===== WORKING DATA =====
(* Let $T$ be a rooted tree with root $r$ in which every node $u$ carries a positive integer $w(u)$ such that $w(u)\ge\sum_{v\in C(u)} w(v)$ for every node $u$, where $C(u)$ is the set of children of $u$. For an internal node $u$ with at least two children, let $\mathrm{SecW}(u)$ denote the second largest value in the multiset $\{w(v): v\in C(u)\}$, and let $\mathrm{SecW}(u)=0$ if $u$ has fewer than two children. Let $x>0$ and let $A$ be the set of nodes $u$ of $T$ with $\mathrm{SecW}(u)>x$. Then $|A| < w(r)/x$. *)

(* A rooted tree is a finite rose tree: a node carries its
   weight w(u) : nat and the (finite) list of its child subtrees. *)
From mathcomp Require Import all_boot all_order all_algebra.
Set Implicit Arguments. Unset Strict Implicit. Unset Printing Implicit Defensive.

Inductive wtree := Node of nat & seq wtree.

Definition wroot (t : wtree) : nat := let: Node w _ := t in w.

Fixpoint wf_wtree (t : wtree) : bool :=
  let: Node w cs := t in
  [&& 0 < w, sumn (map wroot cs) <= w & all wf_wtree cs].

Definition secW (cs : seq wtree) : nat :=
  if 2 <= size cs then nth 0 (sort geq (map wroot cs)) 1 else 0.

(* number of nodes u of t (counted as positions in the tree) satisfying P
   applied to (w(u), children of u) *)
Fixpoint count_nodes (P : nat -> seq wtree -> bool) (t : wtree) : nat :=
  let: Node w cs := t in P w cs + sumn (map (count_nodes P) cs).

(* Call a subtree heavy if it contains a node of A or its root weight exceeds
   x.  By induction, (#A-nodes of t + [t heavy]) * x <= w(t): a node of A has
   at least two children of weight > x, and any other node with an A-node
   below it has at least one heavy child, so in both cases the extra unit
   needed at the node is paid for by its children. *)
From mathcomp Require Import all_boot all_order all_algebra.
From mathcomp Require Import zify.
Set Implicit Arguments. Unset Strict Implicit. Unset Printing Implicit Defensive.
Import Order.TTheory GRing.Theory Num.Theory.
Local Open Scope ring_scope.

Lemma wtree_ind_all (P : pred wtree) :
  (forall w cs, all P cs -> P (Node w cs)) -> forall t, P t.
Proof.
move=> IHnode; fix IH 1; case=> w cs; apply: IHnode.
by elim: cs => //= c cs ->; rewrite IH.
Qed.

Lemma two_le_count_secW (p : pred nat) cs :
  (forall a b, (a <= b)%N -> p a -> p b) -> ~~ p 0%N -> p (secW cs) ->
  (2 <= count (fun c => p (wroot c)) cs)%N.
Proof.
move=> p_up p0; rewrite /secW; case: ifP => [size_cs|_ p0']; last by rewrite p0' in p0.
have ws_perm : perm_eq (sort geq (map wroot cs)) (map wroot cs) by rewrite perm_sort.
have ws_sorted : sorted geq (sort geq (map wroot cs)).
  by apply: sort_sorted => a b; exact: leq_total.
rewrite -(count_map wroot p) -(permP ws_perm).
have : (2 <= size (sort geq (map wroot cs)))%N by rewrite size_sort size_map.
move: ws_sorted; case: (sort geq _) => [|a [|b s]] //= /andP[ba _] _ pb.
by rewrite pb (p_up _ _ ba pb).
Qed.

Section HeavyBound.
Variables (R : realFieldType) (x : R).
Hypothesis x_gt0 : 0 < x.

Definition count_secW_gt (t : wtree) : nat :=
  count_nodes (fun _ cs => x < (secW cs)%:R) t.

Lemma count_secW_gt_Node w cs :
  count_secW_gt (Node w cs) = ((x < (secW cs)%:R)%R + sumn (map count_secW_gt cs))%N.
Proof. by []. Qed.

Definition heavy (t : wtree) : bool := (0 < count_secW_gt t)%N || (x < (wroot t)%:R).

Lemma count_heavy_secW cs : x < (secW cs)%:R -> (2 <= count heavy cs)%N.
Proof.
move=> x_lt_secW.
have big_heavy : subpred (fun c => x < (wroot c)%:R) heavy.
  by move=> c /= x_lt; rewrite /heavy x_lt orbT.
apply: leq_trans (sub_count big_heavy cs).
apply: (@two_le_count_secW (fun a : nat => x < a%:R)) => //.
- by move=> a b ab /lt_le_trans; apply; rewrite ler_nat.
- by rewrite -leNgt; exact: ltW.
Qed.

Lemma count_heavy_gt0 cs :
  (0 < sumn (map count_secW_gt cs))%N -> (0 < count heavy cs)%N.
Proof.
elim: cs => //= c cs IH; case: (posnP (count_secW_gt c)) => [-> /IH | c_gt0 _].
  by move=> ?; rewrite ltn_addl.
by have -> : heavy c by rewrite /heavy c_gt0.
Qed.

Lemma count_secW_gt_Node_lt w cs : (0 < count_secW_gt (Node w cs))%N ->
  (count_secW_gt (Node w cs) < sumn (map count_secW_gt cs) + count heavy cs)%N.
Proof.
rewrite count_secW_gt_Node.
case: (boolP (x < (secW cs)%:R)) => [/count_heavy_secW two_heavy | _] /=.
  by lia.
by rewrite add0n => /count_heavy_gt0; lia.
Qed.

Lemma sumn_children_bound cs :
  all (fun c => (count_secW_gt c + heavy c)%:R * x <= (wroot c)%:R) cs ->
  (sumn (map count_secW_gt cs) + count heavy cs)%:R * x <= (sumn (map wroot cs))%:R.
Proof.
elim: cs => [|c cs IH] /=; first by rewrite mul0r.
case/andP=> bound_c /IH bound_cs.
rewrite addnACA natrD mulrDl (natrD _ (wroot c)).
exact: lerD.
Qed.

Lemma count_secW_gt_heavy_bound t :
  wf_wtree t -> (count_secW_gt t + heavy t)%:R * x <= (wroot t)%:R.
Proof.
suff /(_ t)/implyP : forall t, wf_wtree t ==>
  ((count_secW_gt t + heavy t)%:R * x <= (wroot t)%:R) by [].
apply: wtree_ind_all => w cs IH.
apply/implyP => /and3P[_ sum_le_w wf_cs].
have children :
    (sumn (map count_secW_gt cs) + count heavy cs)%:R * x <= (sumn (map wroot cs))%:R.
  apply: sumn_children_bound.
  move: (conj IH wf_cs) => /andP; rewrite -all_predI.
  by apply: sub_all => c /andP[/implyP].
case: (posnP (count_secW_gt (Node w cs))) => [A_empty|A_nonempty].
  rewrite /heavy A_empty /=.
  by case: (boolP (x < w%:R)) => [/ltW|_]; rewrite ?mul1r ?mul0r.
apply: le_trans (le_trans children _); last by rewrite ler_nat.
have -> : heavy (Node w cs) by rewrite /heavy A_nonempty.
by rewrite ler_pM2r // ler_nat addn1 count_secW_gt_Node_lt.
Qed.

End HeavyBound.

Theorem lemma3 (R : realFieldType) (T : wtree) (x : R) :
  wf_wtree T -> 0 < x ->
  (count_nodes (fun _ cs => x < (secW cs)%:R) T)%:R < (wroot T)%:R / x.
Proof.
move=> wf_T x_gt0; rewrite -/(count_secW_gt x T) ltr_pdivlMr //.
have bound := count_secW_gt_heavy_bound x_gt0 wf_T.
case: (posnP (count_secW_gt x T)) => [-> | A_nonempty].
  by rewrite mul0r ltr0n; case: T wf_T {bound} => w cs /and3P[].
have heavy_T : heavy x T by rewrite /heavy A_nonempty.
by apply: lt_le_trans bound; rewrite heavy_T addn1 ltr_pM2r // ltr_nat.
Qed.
=====
== TASK INSTRUCTIONS ==
Copy out each line of the data where the string "Fixpoint" appears.

== ANSWER TO THE EXERCISE ==
Fixpoint wf_wtree (t : wtree) : bool :=
Fixpoint count_nodes (P : nat -> seq wtree -> bool) (t : wtree) : nat :=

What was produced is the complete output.